**Directions for this task:**
Look through the material below and return every line that contains "sumf".

(Exercise materials)

Lemma Emap_sq_eq {C : Category} (K : PreComon C) {f g : Arr C} (s t : Sq f g) :
  sq_top s = sq_top t -> sq_bot s = sq_bot t -> Emap K s = Emap K t.
Proof. by move=> Htop Hbot; rewrite (sq_eq s t Htop Hbot). Qed.

Lemma sq_comp_id_l {C : Category} {f g : Arr C} (s : Sq f g) : sq_comp (sq_id f) s = s.
Proof. by apply: sq_eq; rewrite /= comp_id_r. Qed.

Lemma copr_hom_ext {C : Category} (CC : Cocomplete C) {I : Type} (F : I -> Obj C)
  {X : Obj C} (u w : Hom (copr CC F) X) :
  (forall i, u ⊚ copr_in CC F i = w ⊚ copr_in CC F i) -> u = w.
Proof.
  move=> Huw.
  rewrite (copr_eta C CC I F X _ u Huw).
  by symmetry; apply: (copr_eta C CC I F X).
Qed.

Section OneStepComonad.
Context {C : Category} (CC : Cocomplete C) {JI : Type} (J : JI -> Arr C).

Definition E1_cocone (g : Arr C) {X : Obj C}
  (u : Hom (copr CC (FB J g)) X) (v : Hom (adom g) X) : Prop :=
  forall x, u ⊚ copr_in CC (FB J g) x ⊚ amap (J (projT1 x)) = v ⊚ sq_top (projT2 x).

Lemma E1_cocone_po_comm (g : Arr C) {X : Obj C}
  (u : Hom (copr CC (FB J g)) X) (v : Hom (adom g) X) :
  E1_cocone g u v -> u ⊚ sumf CC J g = v ⊚ hvec CC J g.
Proof.
  move=> Huv; apply: copr_hom_ext => x.
  rewrite -!comp_assoc /sumf /hvec !(copr_beta C CC) comp_assoc.
  exact: Huv.
Qed.

Lemma po_desc_iota1 (g : Arr C) {X : Obj C}
  (u : Hom (copr CC (FB J g)) X) (v : Hom (adom g) X) x :
  E1_cocone g u v ->
  po_desc CC (sumf CC J g) (hvec CC J g) u v ⊚ iota1 CC J g x = u ⊚ copr_in CC (FB J g) x.
Proof.
  move=> /E1_cocone_po_comm Huv.
  by rewrite /iota1 comp_assoc (proj1 (po_beta C CC _ _ _ _ _ X u v Huv)).
Qed.

Lemma po_desc_lam1 (g : Arr C) {X : Obj C}
  (u : Hom (copr CC (FB J g)) X) (v : Hom (adom g) X) :
  E1_cocone g u v -> po_desc CC (sumf CC J g) (hvec CC J g) u v ⊚ lam1 CC J g = v.
Proof.
  move=> /E1_cocone_po_comm Huv.
  exact: (proj2 (po_beta C CC _ _ _ _ _ X u v Huv)).
Qed.

Lemma E1_hom_ext (g : Arr C) {X : Obj C} (u w : Hom (E1 CC J g) X) :
  (forall x, u ⊚ iota1 CC J g x = w ⊚ iota1 CC J g x) ->
  u ⊚ lam1 CC J g = w ⊚ lam1 CC J g -> u = w.
Proof.
  move=> Hiota Hlam.
  have Hcomm : (u ⊚ po_l CC (sumf CC J g) (hvec CC J g)) ⊚ sumf CC J g
             = (u ⊚ po_r CC (sumf CC J g) (hvec CC J g)) ⊚ hvec CC J g.
    by rewrite -!comp_assoc (po_comm CC).
  rewrite (po_eta C CC _ _ _ _ _ X _ _ u Hcomm eq_refl eq_refl).
  symmetry; apply: (po_eta C CC _ _ _ _ _ X _ _ w Hcomm); last by rewrite -Hlam.
  by apply: copr_hom_ext => x; rewrite -!comp_assoc -Hiota.
Qed.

(End Exercise materials)

**Your solution:**
  E1_cocone g u v -> u ⊚ sumf CC J g = v ⊚ hvec CC J g.
  rewrite -!comp_assoc /sumf /hvec !(copr_beta C CC) comp_assoc.
  po_desc CC (sumf CC J g) (hvec CC J g) u v ⊚ iota1 CC J g x = u ⊚ copr_in CC (FB J g) x.
  E1_cocone g u v -> po_desc CC (sumf CC J g) (hvec CC J g) u v ⊚ lam1 CC J g = v.
  have Hcomm : (u ⊚ po_l CC (sumf CC J g) (hvec CC J g)) ⊚ sumf CC J g
             = (u ⊚ po_r CC (sumf CC J g) (hvec CC J g)) ⊚ hvec CC J g.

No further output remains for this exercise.